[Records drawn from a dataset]

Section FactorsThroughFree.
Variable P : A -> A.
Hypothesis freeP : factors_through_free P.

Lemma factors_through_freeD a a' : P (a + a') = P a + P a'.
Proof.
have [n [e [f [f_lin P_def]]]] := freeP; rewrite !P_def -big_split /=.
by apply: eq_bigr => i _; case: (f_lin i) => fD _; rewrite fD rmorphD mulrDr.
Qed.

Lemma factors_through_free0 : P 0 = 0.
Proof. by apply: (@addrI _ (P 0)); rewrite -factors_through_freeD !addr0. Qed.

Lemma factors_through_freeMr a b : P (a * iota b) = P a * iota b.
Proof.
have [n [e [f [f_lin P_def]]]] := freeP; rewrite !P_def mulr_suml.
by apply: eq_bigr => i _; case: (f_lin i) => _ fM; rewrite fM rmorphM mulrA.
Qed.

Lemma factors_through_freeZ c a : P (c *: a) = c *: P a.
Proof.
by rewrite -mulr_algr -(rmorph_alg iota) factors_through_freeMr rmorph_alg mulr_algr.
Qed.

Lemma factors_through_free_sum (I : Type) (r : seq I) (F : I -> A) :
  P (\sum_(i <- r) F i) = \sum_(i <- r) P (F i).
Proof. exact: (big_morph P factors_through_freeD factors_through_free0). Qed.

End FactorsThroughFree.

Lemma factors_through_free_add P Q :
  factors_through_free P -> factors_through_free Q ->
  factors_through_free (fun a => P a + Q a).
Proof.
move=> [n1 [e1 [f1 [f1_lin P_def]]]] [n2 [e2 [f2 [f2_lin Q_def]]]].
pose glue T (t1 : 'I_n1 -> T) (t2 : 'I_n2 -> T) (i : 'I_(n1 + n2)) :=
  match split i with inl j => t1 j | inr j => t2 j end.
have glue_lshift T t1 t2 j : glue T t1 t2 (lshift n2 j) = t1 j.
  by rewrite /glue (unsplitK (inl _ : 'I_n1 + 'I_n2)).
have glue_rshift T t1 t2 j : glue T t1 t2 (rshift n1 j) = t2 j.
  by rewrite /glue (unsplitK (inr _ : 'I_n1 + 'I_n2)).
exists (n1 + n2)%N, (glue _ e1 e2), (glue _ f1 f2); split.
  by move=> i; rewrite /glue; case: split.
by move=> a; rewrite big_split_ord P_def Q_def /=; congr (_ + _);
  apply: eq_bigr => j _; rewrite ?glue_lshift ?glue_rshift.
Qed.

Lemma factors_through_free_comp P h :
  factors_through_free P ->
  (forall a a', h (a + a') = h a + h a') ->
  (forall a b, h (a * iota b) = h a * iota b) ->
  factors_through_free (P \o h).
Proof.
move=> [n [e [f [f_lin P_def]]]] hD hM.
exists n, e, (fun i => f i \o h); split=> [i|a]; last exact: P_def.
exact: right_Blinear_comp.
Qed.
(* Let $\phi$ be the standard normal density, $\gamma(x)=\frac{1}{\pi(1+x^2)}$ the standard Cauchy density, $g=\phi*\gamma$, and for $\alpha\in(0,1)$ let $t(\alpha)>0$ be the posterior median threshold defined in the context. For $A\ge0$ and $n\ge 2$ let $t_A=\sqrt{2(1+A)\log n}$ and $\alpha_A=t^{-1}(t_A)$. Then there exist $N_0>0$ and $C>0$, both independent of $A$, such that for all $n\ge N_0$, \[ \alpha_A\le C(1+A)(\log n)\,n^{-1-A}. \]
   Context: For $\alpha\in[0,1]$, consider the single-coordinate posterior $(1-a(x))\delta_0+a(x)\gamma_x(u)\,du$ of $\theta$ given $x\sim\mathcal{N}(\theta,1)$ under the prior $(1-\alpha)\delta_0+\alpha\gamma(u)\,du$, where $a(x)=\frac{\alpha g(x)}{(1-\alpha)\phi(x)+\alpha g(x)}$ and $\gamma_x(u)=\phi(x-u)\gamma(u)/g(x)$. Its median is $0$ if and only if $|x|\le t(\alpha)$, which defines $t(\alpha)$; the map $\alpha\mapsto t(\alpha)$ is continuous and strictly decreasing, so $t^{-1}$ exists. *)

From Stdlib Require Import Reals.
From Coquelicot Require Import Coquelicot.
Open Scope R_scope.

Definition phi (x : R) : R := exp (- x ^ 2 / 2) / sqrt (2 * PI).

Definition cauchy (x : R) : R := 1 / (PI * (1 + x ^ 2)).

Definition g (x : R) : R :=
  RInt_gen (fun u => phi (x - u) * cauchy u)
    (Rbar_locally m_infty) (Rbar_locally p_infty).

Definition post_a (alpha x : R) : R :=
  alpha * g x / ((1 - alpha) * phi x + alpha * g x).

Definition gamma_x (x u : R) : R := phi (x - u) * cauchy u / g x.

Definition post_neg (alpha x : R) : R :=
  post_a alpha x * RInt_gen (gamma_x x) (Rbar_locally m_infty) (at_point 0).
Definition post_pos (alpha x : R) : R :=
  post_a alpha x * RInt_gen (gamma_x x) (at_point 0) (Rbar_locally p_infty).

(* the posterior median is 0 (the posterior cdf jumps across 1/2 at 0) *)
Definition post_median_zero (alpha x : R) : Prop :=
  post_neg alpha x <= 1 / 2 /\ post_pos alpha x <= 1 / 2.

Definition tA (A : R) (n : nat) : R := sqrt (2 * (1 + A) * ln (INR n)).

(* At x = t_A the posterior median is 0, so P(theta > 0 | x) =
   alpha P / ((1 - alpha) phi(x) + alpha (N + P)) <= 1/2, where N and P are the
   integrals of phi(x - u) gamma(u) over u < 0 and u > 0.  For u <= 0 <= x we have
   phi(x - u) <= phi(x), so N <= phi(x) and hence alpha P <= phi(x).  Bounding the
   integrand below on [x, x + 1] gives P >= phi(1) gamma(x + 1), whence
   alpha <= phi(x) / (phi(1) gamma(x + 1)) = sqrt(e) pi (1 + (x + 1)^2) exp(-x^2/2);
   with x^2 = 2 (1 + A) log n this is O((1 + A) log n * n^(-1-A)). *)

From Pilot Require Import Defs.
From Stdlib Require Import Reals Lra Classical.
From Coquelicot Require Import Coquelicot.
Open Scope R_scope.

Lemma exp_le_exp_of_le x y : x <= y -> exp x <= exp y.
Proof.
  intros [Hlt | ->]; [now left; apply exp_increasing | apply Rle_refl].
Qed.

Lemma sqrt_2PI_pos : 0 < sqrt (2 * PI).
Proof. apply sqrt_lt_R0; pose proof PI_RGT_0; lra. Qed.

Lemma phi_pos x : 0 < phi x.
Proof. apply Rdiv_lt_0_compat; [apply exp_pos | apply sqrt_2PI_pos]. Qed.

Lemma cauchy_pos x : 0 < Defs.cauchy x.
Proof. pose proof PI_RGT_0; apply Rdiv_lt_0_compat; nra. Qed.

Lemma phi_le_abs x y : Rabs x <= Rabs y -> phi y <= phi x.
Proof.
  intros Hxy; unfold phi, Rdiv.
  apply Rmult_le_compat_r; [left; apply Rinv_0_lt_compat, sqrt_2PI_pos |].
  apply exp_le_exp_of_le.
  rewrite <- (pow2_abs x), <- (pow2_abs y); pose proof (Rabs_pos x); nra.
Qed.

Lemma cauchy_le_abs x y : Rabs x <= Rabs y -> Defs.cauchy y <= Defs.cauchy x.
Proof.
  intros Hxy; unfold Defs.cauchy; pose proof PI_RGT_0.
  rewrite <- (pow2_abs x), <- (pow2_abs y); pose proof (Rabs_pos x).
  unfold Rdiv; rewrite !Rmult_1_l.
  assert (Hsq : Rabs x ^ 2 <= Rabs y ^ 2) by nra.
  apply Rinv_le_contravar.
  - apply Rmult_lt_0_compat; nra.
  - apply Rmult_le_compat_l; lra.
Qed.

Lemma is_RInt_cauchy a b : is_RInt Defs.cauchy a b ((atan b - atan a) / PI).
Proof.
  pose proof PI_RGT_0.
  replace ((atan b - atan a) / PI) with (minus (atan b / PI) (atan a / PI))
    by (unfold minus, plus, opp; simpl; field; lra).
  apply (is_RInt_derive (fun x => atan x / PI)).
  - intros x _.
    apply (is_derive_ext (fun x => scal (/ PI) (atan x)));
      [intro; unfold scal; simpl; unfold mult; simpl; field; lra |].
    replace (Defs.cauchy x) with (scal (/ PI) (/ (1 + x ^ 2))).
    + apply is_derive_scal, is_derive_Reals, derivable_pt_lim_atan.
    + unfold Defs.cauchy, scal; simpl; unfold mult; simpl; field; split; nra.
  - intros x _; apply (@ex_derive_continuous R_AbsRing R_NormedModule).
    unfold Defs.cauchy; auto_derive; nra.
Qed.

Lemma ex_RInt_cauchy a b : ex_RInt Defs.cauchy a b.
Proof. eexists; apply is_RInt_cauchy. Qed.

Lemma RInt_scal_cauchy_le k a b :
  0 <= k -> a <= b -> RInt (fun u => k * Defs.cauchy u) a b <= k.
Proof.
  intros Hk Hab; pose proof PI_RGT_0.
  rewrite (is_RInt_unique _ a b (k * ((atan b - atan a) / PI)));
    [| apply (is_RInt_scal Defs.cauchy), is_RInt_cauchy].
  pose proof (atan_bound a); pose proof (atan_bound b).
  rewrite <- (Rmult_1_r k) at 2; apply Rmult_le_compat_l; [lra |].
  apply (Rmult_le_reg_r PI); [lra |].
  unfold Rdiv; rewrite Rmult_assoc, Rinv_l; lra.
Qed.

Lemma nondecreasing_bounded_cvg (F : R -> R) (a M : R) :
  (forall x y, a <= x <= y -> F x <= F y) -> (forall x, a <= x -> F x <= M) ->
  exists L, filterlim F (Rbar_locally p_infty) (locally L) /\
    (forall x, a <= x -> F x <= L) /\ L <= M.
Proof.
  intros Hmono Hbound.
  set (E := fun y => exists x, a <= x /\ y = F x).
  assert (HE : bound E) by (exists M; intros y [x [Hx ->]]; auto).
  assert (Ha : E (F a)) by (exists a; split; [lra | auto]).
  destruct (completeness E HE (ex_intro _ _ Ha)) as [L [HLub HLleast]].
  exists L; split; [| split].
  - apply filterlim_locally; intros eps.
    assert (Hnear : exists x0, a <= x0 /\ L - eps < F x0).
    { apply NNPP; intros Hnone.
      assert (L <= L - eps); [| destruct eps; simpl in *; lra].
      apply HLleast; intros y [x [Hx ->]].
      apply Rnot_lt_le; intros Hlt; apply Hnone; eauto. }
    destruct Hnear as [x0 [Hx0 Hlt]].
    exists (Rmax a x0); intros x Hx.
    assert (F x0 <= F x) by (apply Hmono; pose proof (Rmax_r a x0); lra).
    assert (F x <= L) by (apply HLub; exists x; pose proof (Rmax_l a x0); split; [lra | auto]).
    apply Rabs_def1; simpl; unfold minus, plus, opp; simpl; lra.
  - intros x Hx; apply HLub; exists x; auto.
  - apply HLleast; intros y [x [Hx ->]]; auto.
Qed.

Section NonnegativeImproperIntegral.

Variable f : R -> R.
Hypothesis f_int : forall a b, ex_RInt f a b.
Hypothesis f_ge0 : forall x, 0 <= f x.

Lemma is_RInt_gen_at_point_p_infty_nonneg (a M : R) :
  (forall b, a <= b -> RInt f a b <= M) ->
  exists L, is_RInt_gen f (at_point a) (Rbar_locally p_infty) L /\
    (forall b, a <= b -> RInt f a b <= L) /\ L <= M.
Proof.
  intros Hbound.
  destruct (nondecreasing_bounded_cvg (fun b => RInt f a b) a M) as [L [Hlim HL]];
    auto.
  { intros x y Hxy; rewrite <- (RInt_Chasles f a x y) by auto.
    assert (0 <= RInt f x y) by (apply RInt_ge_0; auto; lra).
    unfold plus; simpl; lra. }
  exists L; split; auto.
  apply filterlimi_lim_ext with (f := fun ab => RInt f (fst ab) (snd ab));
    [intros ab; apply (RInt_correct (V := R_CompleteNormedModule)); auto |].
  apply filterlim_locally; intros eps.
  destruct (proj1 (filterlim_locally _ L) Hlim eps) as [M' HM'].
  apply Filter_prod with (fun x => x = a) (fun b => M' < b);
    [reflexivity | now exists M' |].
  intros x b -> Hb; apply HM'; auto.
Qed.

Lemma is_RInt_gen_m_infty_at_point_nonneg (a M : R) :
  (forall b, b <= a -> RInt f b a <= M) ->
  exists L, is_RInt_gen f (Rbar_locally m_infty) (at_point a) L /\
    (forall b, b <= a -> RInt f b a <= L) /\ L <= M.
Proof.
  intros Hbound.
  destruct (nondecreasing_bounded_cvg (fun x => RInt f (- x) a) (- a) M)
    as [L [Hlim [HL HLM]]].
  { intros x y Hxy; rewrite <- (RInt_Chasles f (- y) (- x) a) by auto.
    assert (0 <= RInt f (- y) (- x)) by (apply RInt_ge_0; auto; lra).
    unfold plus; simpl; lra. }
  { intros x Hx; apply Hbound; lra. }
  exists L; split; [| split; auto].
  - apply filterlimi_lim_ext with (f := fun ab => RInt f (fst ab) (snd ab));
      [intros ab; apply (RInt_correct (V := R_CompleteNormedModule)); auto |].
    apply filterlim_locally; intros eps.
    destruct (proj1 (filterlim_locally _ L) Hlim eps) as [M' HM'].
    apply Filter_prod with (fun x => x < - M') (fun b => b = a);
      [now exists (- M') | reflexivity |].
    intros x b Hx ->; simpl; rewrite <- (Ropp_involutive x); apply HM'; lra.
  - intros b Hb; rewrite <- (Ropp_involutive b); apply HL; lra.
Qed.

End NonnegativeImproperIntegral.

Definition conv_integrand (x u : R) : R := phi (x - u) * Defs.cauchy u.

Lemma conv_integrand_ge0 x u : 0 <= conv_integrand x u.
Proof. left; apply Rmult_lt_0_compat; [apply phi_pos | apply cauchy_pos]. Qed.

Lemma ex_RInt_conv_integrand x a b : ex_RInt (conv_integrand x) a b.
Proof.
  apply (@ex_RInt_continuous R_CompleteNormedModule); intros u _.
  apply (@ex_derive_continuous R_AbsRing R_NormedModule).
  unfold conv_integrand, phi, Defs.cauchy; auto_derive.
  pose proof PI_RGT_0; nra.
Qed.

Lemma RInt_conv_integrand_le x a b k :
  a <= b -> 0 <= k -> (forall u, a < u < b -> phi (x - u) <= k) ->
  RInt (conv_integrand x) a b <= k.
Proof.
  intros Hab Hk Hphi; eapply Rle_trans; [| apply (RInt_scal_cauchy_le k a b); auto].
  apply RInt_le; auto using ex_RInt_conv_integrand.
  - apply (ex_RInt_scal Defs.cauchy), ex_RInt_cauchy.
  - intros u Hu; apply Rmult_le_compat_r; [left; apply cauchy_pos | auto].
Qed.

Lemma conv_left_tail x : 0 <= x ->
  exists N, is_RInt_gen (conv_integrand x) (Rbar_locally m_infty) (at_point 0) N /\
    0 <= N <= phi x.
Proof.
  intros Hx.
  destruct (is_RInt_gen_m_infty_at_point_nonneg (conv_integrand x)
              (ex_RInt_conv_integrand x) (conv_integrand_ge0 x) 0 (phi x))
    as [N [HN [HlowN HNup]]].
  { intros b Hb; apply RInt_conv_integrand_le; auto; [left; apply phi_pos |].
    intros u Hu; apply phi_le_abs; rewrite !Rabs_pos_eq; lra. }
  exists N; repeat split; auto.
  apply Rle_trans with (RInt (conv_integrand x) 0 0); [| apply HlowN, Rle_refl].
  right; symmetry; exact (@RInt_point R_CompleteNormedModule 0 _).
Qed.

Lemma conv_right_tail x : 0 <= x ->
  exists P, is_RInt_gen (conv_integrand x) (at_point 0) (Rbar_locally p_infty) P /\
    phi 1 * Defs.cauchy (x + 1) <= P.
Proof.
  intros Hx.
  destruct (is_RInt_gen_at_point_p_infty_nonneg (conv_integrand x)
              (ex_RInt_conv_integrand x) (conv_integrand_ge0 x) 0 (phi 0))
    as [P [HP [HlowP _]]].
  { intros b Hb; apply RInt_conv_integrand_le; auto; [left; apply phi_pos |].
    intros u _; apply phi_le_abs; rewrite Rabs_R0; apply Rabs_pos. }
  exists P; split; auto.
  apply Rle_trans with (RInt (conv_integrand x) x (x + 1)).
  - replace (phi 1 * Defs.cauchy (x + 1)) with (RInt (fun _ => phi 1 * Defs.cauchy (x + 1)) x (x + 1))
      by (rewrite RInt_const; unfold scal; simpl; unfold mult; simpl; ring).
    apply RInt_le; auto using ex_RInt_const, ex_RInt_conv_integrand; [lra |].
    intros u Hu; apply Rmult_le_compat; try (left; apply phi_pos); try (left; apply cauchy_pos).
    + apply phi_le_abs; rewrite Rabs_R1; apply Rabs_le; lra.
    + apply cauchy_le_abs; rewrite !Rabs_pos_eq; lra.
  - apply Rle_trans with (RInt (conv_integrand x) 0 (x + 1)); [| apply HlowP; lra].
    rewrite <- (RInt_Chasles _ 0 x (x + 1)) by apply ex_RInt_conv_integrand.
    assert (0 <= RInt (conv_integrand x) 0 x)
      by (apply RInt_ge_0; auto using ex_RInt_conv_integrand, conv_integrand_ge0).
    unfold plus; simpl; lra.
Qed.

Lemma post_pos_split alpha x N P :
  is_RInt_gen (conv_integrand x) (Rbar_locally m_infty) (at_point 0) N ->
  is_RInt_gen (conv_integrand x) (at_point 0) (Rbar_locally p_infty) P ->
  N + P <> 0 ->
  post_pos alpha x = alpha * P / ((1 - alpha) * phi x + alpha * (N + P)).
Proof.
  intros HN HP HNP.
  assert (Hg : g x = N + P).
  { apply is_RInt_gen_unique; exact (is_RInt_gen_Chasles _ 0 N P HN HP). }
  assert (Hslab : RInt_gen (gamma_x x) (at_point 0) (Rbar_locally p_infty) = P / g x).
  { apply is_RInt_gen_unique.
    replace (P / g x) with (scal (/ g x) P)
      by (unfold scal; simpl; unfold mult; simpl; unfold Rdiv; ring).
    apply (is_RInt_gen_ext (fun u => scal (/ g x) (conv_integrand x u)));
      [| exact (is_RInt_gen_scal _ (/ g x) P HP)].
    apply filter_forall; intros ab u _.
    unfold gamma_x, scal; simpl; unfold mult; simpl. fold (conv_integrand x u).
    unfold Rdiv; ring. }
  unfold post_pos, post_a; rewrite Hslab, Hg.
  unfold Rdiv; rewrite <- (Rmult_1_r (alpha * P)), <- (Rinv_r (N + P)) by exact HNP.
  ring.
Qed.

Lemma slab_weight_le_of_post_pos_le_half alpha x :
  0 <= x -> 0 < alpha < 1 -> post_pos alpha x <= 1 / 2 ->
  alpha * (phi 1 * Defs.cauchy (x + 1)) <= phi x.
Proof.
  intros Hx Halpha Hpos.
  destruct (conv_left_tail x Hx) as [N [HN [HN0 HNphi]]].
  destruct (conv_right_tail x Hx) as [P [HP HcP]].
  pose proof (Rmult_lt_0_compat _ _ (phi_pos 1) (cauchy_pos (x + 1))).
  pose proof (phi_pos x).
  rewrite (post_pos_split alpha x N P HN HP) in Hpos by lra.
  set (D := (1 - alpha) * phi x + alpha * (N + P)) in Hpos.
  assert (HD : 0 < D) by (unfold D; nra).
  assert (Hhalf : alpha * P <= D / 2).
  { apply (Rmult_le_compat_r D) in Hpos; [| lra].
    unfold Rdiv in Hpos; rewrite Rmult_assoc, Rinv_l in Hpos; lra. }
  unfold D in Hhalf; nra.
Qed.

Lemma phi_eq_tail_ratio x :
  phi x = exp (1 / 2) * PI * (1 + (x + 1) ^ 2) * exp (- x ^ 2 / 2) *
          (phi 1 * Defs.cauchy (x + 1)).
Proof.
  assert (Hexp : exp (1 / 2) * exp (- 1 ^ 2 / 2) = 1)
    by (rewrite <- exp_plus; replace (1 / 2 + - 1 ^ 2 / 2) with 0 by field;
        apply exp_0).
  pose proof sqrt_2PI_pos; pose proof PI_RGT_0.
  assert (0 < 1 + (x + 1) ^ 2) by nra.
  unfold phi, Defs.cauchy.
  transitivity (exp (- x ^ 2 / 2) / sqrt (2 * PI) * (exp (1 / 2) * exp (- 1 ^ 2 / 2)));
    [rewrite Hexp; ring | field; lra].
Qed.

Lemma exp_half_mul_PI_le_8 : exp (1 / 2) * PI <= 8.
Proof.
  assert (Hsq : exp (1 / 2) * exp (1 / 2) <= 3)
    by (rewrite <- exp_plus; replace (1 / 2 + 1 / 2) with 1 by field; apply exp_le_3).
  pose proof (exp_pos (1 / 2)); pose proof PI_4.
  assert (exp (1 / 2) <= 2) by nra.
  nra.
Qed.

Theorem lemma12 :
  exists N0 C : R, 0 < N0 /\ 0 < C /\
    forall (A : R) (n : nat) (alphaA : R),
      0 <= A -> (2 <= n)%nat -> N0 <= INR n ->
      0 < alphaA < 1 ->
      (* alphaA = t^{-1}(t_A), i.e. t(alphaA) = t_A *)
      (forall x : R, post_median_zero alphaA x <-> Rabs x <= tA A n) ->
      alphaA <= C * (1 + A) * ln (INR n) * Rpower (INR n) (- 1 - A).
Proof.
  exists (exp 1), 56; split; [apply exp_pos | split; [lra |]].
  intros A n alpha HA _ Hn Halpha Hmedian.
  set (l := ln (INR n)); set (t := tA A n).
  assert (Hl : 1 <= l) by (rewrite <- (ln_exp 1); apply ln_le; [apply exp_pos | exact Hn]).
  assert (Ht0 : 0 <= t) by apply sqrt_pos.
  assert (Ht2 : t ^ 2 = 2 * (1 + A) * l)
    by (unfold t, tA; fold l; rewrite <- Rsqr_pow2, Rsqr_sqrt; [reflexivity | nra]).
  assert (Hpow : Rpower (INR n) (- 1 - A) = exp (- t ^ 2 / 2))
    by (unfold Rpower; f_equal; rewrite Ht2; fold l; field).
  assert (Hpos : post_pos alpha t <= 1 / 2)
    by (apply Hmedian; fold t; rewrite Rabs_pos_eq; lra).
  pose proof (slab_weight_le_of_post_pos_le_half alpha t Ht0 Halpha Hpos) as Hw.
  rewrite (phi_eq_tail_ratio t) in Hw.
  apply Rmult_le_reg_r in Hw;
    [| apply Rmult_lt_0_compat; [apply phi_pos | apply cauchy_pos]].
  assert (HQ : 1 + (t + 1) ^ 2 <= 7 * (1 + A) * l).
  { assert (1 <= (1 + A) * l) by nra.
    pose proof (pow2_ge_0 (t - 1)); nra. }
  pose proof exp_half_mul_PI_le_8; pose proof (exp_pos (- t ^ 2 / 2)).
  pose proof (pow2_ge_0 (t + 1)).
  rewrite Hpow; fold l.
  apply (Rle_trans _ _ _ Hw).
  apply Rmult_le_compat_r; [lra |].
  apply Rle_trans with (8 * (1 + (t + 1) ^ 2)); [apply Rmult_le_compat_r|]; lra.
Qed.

Task -> Filter the records above for lines containing the word "Halpha", and copy those lines.

Completed exercise ->
  intros Hx Halpha Hpos.
  intros A n alpha HA _ Hn Halpha Hmedian.
  pose proof (slab_weight_le_of_post_pos_le_half alpha t Ht0 Halpha Hpos) as Hw.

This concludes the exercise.